林清云料不到他会如此发难,圣手宁越虽以偷技闻名,但江湖中人均知道他绝不如一般小贼,见宝就下手,卢涛此说,不知是善意在开玩笑,还是准备恶意找茬的开始。
林清云知道善者不来,来者不善的道理,卢涛既对二十年前所输的一招剑法耿耿于怀,现在一出江湖便欲借自己七十大寿之机发难,于武功而言,自是有了相当的提高,或者已在隐居的这十多年里找到了对付自己三招夺命剑的方法,但既为主人,林清云自不能让来这里作客的宁越难堪,故抢着答道:“卢老弟戏言,宁兄弟在江湖上侠名四播,多少金山银堆在他眼里均如粪土,岂可看上老弟的五尺短剑。
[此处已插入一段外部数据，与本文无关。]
(* [phi] is a free module over the field spanned by [E]; the basis [vs] is
   built greedily, and the anisotropy of [phi] bounds its length. *)
Lemma tensor_basis_of_multipliers phi E : anisotropic phi -> anisotropic E ->
  (0 < size E)%N ->
  (forall p q, represents E p -> represents E q -> represents E (p * q)) ->
  (forall c, c \in E -> multiplier phi c) ->
  exists vs, [/\ anisotropic (qf_tensor E vs),
    forall z, z \in qf_tensor E vs -> represents phi z &
    forall y, y \in phi -> represents (qf_tensor E vs) y].
Proof.
move=> an_phi an_E E_gt0 closedE mult_E.
suff /(_ (size phi).+1) [vs [an_T T_phi [le_T|phi_T]]] : forall N, exists vs,
  [/\ anisotropic (qf_tensor E vs), forall z, z \in qf_tensor E vs -> represents phi z &
   (N <= size (qf_tensor E vs))%N \/ forall y, y \in phi -> represents (qf_tensor E vs) y].
- by have := anisotropic_size_le an_T T_phi; rewrite leqNgt le_T.
- by exists vs.
elim => [|N [vs [an_T T_phi grow]]].
  exists [::]; rewrite /qf_tensor allpairs0r; split => //; last by left.
  by move=> x _; apply/rowP => -[].
have [phi_T|] := classic (forall y, y \in phi -> represents (qf_tensor E vs) y).
  by exists vs; split => //; right.
move=> phiNT; have [y y_phi yNT] : exists2 y, y \in phi & ~ represents (qf_tensor E vs) y.
  by apply: NNPP => none; apply: phiNT => y y_phi; apply: NNPP => yNT; apply: none; exists y.
have {grow} le_T : (N <= size (qf_tensor E vs))%N by case: grow => // /(_ y y_phi).
exists (rcons vs y); have perm_T := tensor_rcons_perm E vs y.
split; last (left; rewrite (perm_size perm_T)).
- apply: (anisotropic_perm (a := qf_tensor E vs ++ [seq x * y | x <- E])).
    by rewrite perm_sym.
  by apply: anisotropic_cat_scale => // p l; exact: represents_tensorMl.
- move=> z; rewrite (perm_mem perm_T) mem_cat => /orP [/T_phi //|/mapP [x xE ->]].
  exact: mult_E.
- by rewrite size_cat size_map -addn1 leq_add.
Qed.

Lemma divisible_of_multipliers phi e r : anisotropic phi -> anisotropic e ->
  (2 ^ r <= size e)%N -> (forall c, c \in e -> multiplier phi c) ->
  divisible_by_rfold_qpfister phi r.
Proof.
move=> an_phi an_e le_e mult_e.
have [s [size_s an_E mult_E]] := qpfister_multipliers an_e le_e mult_e.
have E_gt0 : (0 < size (qpfister s))%N by rewrite size_qpfister expn_gt0.
have [vs [an_L L_phi phi_L]] :=
  tensor_basis_of_multipliers an_phi an_E E_gt0 (@represents_qpfisterM s) mult_E.
pose b (j : 'I_r) := s`_j.
have pi_E u : u \in quasi_pfister b -> represents (qpfister s) u.
  move=> /quasi_pfisterP [J ->]; apply: (big_ind (represents (qpfister s))).
  - exact: represents_qpfister1.
  - exact: represents_qpfisterM.
  by move=> j _; apply/represents_qpfister_mem/mem_nth; rewrite size_s.
have E_pi : forall p, p \in qpfister s -> represents (quasi_pfister b) p.
  apply: qpfister_ind => [|c y pi_c ys].
    by apply: represents_mem; have := quasi_pfister_mem b set0; rewrite big_set0.
  have i_lt : (index y s < r)%N by rewrite -size_s index_mem.
  by have := represents_quasi_pfisterMl (Ordinal i_lt) pi_c; rewrite /b /= nth_index // mulrC.
have an_T : anisotropic (qf_tensor (quasi_pfister b) vs).
  apply: anisotropic_represents _ an_L (represents_tensor_mono E_pi).
  by rewrite !size_allpairs size_quasi_pfister size_qpfister size_s.
exists b, vs; apply: qf_iso_of_represents => // x x_phi.
  exact: represents_trans (represents_tensor_mono E_pi) (phi_L x x_phi).
exact: represents_trans L_phi (represents_tensor_mono pi_E x_phi).
Qed.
”
“谢林庄主美言,但我宁越有个臭习惯,看得顺眼之人,纵富比陶朱,我亦不会动他一草一木;若不顺眼之人,即使一贫如洗,我连他脚下的泥土都要偷个精光。”
“宁老弟之言,我卢涛是不顺眼了。”
“卢涛,你要伸量老夫,冲着我来就是了,不必去烦我的客人。”林清云见话已经说僵,便干脆挑明,要与卢涛摊牌,免得在这样的虚情假意里出什么状况伤了客人。
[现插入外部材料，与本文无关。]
(* Write f_n for the homogeneous component of degree n of f, and put
   twist f := \sum_n f_n sigma_1^n.  The hypothesis on the K_n says that
   twist (\sum_n K_n) = sigma_1, and twist is injective because sigma_1 is 1
   plus terms of positive degree.  Applying f |-> f(-A) to g = \sum_n S_n g^n
   gives G := g(-A) = \sum_n l_n G^n with l_n = (-1)^n Lambda_n, while the
   defining relation of the Lambda_n makes L := \sum_n l_n the two-sided
   inverse of sigma_1, so that also L = \sum_n l_n L^n sigma_1^n.  As l_n is
   homogeneous of degree n, twist (l_n X) = l_n (twist X) sigma_1^n, and an
   induction on the degree yields twist G = L.  Hence
   twist (g^-1(-A)) = L^-1 = sigma_1 = twist (\sum_n K_n). *)

Section SeriesRing.
Variable F : fieldType.
Local Notation R := (series F).

HB.instance Definition _ := gen_eqMixin R.
HB.instance Definition _ := gen_choiceMixin R.

Lemma series_ext (f g : R) : (forall w, f w = g w) -> f = g.
Proof. exact: funext. Qed.

Definition sopp (f : R) : R := fun w => - f w.

Lemma saddA : associative (@sadd F).
Proof. by move=> f g h; apply: series_ext => w; rewrite /sadd addrA. Qed.
Lemma saddC : commutative (@sadd F).
Proof. by move=> f g; apply: series_ext => w; rewrite /sadd addrC. Qed.
Lemma sadd0 : left_id (szero F) (@sadd F).
Proof. by move=> f; apply: series_ext => w; rewrite /sadd /szero add0r. Qed.
Lemma saddN : left_inverse (szero F) sopp (@sadd F).
Proof. by move=> f; apply: series_ext => w; rewrite /sadd /sopp /szero addNr. Qed.

HB.instance Definition _ := GRing.isZmodule.Build R saddA saddC sadd0 saddN.

Lemma smul_cons (f g : R) a w :
  smul f g (a :: w) = f [::] * g (a :: w) + smul (fun u => f (a :: u)) g w.
Proof. by rewrite /smul big_ord_recl. Qed.

Lemma smulDl : left_distributive (@smul F) (@sadd F).
Proof.
by move=> f g h; apply: series_ext => w; rewrite /smul /sadd -big_split;
  apply: eq_bigr => i _; rewrite mulrDl.
Qed.
Lemma smulDr : right_distributive (@smul F) (@sadd F).
Proof.
by move=> f g h; apply: series_ext => w; rewrite /smul /sadd -big_split;
  apply: eq_bigr => i _; rewrite mulrDr.
Qed.
Lemma smulZl c (f g : R) : smul (sscale c f) g = sscale c (smul f g).
Proof.
by apply: series_ext => w; rewrite /smul /sscale mulr_sumr;
  apply: eq_bigr => i _; rewrite mulrA.
Qed.

Lemma smulA : associative (@smul F).
Proof.
move=> f g h; apply: series_ext => w; elim: w f g h => [|a w IH] f g h.
  by rewrite /smul !big_ord1 mulrA.
have tail_fg : (fun u => smul f g (a :: u)) =
    sadd (sscale (f [::]) (fun u => g (a :: u))) (smul (fun u => f (a :: u)) g).
  by apply: funext => u; rewrite smul_cons.
rewrite !smul_cons tail_fg smulDl smulZl /sadd /sscale IH mulrDr addrA /smul !big_ord1.
by rewrite !mulrA.
Qed.

Lemma smul1 : left_id (sone F) (@smul F).
Proof.
move=> f; apply: series_ext => w; rewrite /smul big_ord_recl /sone take0 drop0 mul1r.
by case: w => [|a w]; rewrite ?big_ord0 ?addr0 // big1 ?addr0 // => i _; rewrite mul0r.
Qed.

Lemma smulr1 : right_id (sone F) (@smul F).
Proof.
move=> f; apply: series_ext => w; rewrite /smul big_ord_recr /= take_size drop_size.
rewrite /sone eqxx mulr1 big1 ?add0r // => i _.
have : drop i w != [::] by rewrite -size_eq0 size_drop subn_eq0 -ltnNge.
by case: (drop _ _) => //= _ _; rewrite mulr0.
Qed.

Lemma sone_neq0 : sone F != szero F.
Proof.
apply/eqP => /(congr1 (fun f : R => f [::])).
by rewrite /sone /szero eqxx => /eqP; rewrite oner_eq0.
Qed.

HB.instance Definition _ :=
  GRing.Zmodule_isNzRing.Build R smulA smul1 smulr1 smulDl smulDr sone_neq0.

End SeriesRing.

Section Truncation.
Context {F : fieldType}.
Local Notation R := (series F).
Implicit Types (f g h : R) (G : nat -> R).

Lemma evalD f g w : (f + g) w = f w + g w. Proof. by []. Qed.
Lemma evalB f g w : (f - g) w = f w - g w. Proof. by []. Qed.
Lemma evalN f w : (- f) w = - f w. Proof. by []. Qed.
Lemma evalM f g w : (f * g) w = \sum_(i < (size w).+1) f (take i w) * g (drop i w).
Proof. by []. Qed.
Lemma eval_sum I (r : seq I) (P : pred I) (E : I -> R) w :
  (\sum_(i <- r | P i) E i) w = \sum_(i <- r | P i) E i w.
Proof. exact: (big_morph (fun f : R => f w)). Qed.

Lemma deg_take_drop i w : (deg (take i w) + deg (drop i w))%N = deg w.
Proof. by rewrite /deg -big_cat cat_take_drop. Qed.

Lemma deg_lt1 w : (deg w < 1)%N -> w = [::].
Proof. by case: w => // a w; rewrite /deg big_cons. Qed.

Definition agree d f g := forall w, (deg w < d)%N -> f w = g w.
Definition order_ge d f := agree d f 0.

Lemma order_ge0 f : order_ge 0 f. Proof. by []. Qed.

Lemma agree_order_geB d f g : agree d f g <-> order_ge d (f - g).
Proof.
split=> fg w dw; first by rewrite evalB fg ?subrr.
by apply/eqP; rewrite -subr_eq0; apply/eqP; exact: fg.
Qed.

Lemma agree_eq f g : (forall d, agree d f g) -> f = g.
Proof. by move=> fg; apply: series_ext => w; exact: (fg (deg w).+1). Qed.

Lemma agreeW d e f g : (e <= d)%N -> agree d f g -> agree e f g.
Proof. by move=> le_ed fg w dw; apply: fg; exact: leq_trans le_ed. Qed.

Lemma agree_refl d f : agree d f f.
Proof. by []. Qed.

Lemma agree_sym {d f g} : agree d f g -> agree d g f.
Proof. by move=> fg w dw; rewrite fg. Qed.

Lemma agree_trans {d f g h} : agree d f g -> agree d g h -> agree d f h.
Proof. by move=> fg gh w dw; rewrite fg ?gh. Qed.

Lemma agreeM {d f f' g g'} : agree d f f' -> agree d g g' -> agree d (f * g) (f' * g').
Proof.
move=> ff' gg' w dw; rewrite !evalM; apply: eq_bigr => i _.
have := deg_take_drop i w => split_w.
by rewrite ff' ?gg' //; lia.
Qed.

Lemma agreeX {d f g} n : agree d f g -> agree d (f ^+ n) (g ^+ n).
Proof. by move=> fg; elim: n => // n IH; rewrite !exprS; exact: agreeM. Qed.

Lemma order_geM a b {f g} : order_ge a f -> order_ge b g -> order_ge (a + b)%N (f * g).
Proof.
move=> fa gb w dw; rewrite evalM big1 // => i _.
have := deg_take_drop i w => split_w.
case: (ltnP (deg (take i w)) a) => [/fa -> | ?]; first by rewrite mul0r.
by rewrite gb ?mulr0 //; lia.
Qed.

Lemma order_geMl a f g : order_ge a f -> order_ge a (f * g).
Proof. by move/order_geM/(_ (order_ge0 g)); rewrite addn0. Qed.

Lemma order_geMr a f g : order_ge a g -> order_ge a (f * g).
Proof. exact: order_geM (order_ge0 f). Qed.

Lemma agreeMl {n d f g h} : order_ge n h -> agree d f g -> agree (n + d)%N (h * f) (h * g).
Proof.
by move=> hn /agree_order_geB fg; apply/agree_order_geB; rewrite -mulrBr; exact: order_geM.
Qed.

Lemma agreeMr {n d f g h} : order_ge n h -> agree d f g -> agree (d + n)%N (f * h) (g * h).
Proof.
by move=> hn /agree_order_geB fg; apply/agree_order_geB; rewrite -mulrBl; exact: order_geM.
Qed.

End Truncation.

Section SummableSeries.
Context {F : fieldType}.
Local Notation R := (series F).
Implicit Types (f g : R) (G : nat -> R).

Definition summable G := forall n, order_ge n (G n).

Lemma summableMr G f : summable G -> summable (fun n => f * G n).
Proof. by move=> sG n; exact: order_geMr. Qed.

Lemma big_ord_trunc (a : nat -> F) m N : (m <= N)%N ->
  (forall n, (m <= n < N)%N -> a n = 0) -> \sum_(n < N) a n = \sum_(n < m) a n.
Proof.
move=> le_mN a0; rewrite -!(big_mkord xpredT) (big_cat_nat (n := m)) //=.
by rewrite [X in _ + X]big_nat_cond [X in _ + X]big1 ?addr0 // => i /andP[/a0].
Qed.

Lemma ssum_agree_partial G N : summable G -> agree N (ssum G) (\sum_(n < N) G n).
Proof.
move=> sG w dw; rewrite /ssum eval_sum (@big_ord_trunc (G^~ w) (deg w).+1 N) //.
by move=> n /andP[dn _]; exact: sG.
Qed.

Lemma order_ge_ssum d G : (forall n, order_ge d (G n)) -> order_ge d (ssum G).
Proof. by move=> Gd w dw; rewrite /ssum big1 // => n _; exact: Gd. Qed.

Lemma agree_ssum d G1 G2 : (forall n, agree d (G1 n) (G2 n)) -> agree d (ssum G1) (ssum G2).
Proof. by move=> G12 w dw; apply: eq_bigr => n _; exact: G12. Qed.

Lemma ssumB G1 G2 : ssum G1 - ssum G2 = ssum (fun n => G1 n - G2 n).
Proof. by apply: series_ext => w; rewrite evalB /ssum -sumrB. Qed.

Lemma mulr_ssumr f G : summable G -> f * ssum G = ssum (fun n => f * G n).
Proof.
move=> sG; apply: series_ext => w.
rewrite (agreeM (agree_refl _ _) (ssum_agree_partial G (deg w).+1 sG) w (ltnSn _)).
by rewrite mulr_sumr eval_sum.
Qed.

Lemma mulr_ssuml f G : summable G -> ssum G * f = ssum (fun n => G n * f).
Proof.
move=> sG; apply: series_ext => w.
rewrite (agreeM (ssum_agree_partial G (deg w).+1 sG) (agree_refl _ _) w (ltnSn _)).
by rewrite mulr_suml eval_sum.
Qed.

Lemma ssum_delta n f : order_ge n f -> ssum (fun m => if m == n then f else 0) = f.
Proof.
move=> fn; apply: series_ext => w; rewrite /ssum.
rewrite (eq_bigr (fun m : 'I_ _ => if (m : nat) == n then f w else 0)); last first.
  by move=> m _; case: eqP.
rewrite -big_mkcond /= (big_ord1_eq _ (fun _ => f w)); case: ltnP => // dn.
by rewrite fn.
Qed.

Lemma ssum_recl G : summable G -> ssum G = G 0%N + ssum (fun n => G n.+1).
Proof.
move=> sG; apply: series_ext => w; rewrite evalD /ssum big_ord_recl; congr (_ + _).
by rewrite big_ord_recr /= [X in _ + X]sG ?addr0.
Qed.

Lemma ssum_shift G i : summable G -> (forall m, (m < i)%N -> G m = 0) ->
  ssum (fun j => G (i + j)%N) = ssum G.
Proof.
elim: i G => [|i IH] G sG G0 //.
rewrite [RHS]ssum_recl // G0 // add0r -(IH (fun n => G n.+1)).
- by congr ssum; apply: funext => j; rewrite addSn.
- by move=> n; apply: agreeW (sG n.+1).
- by move=> m im; exact: G0.
Qed.

Lemma sum_antidiag (a : nat -> nat -> F) N :
  \sum_(k < N) \sum_(i < k.+1) a i (k - i)%N = \sum_(i < N) \sum_(j < N - i) a i j.
Proof.
elim: N => [|N IH]; first by rewrite !big_ord0.
rewrite big_ord_recr /= IH [RHS]big_ord_recr /= subSnn big_ord1.
rewrite [X in _ = X + _](eq_bigr (fun i : 'I_N => \sum_(j < N - i) a i j + a i (N - i)%N)).
  by rewrite big_split /= -addrA big_ord_recr /= subnn.
by move=> i _; rewrite subSn ?(ltnW (ltn_ord i)) // big_ord_recr.
Qed.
“林兄言重了,二十年来,小弟承庄主一剑之惠,多年来不敢忘怀,今日欲借庄主七十大寿的机会,前来谢恩,故刻意按庄主宝剑的原样奉上一对金剑,请庄主笑纳,岂敢得罪庄主的客人。”
“以二换一,老弟这次出山是吃定我了,既如此,我林某岂敢负老弟的一份谢恩之意,若老弟有意,我林某就借此机会请教老弟的赐剑之情。”
“二十年不见,庄主仍如昔年豪爽。既如此,小弟就不再客套,敬请庄主再次指教了。”
两人虽然已经把话挑明,但在座的江湖朋友却不能袖手旁观,若卢涛因武林旧债单挑林清云,按理其他人未得双方同意不能插手,但卢涛借这个场合如此发难,又没有交代场面话求得在座各位朋友谅解,却亦太过欺人,明摆着没将这些黑白两道的江湖好手放在眼里。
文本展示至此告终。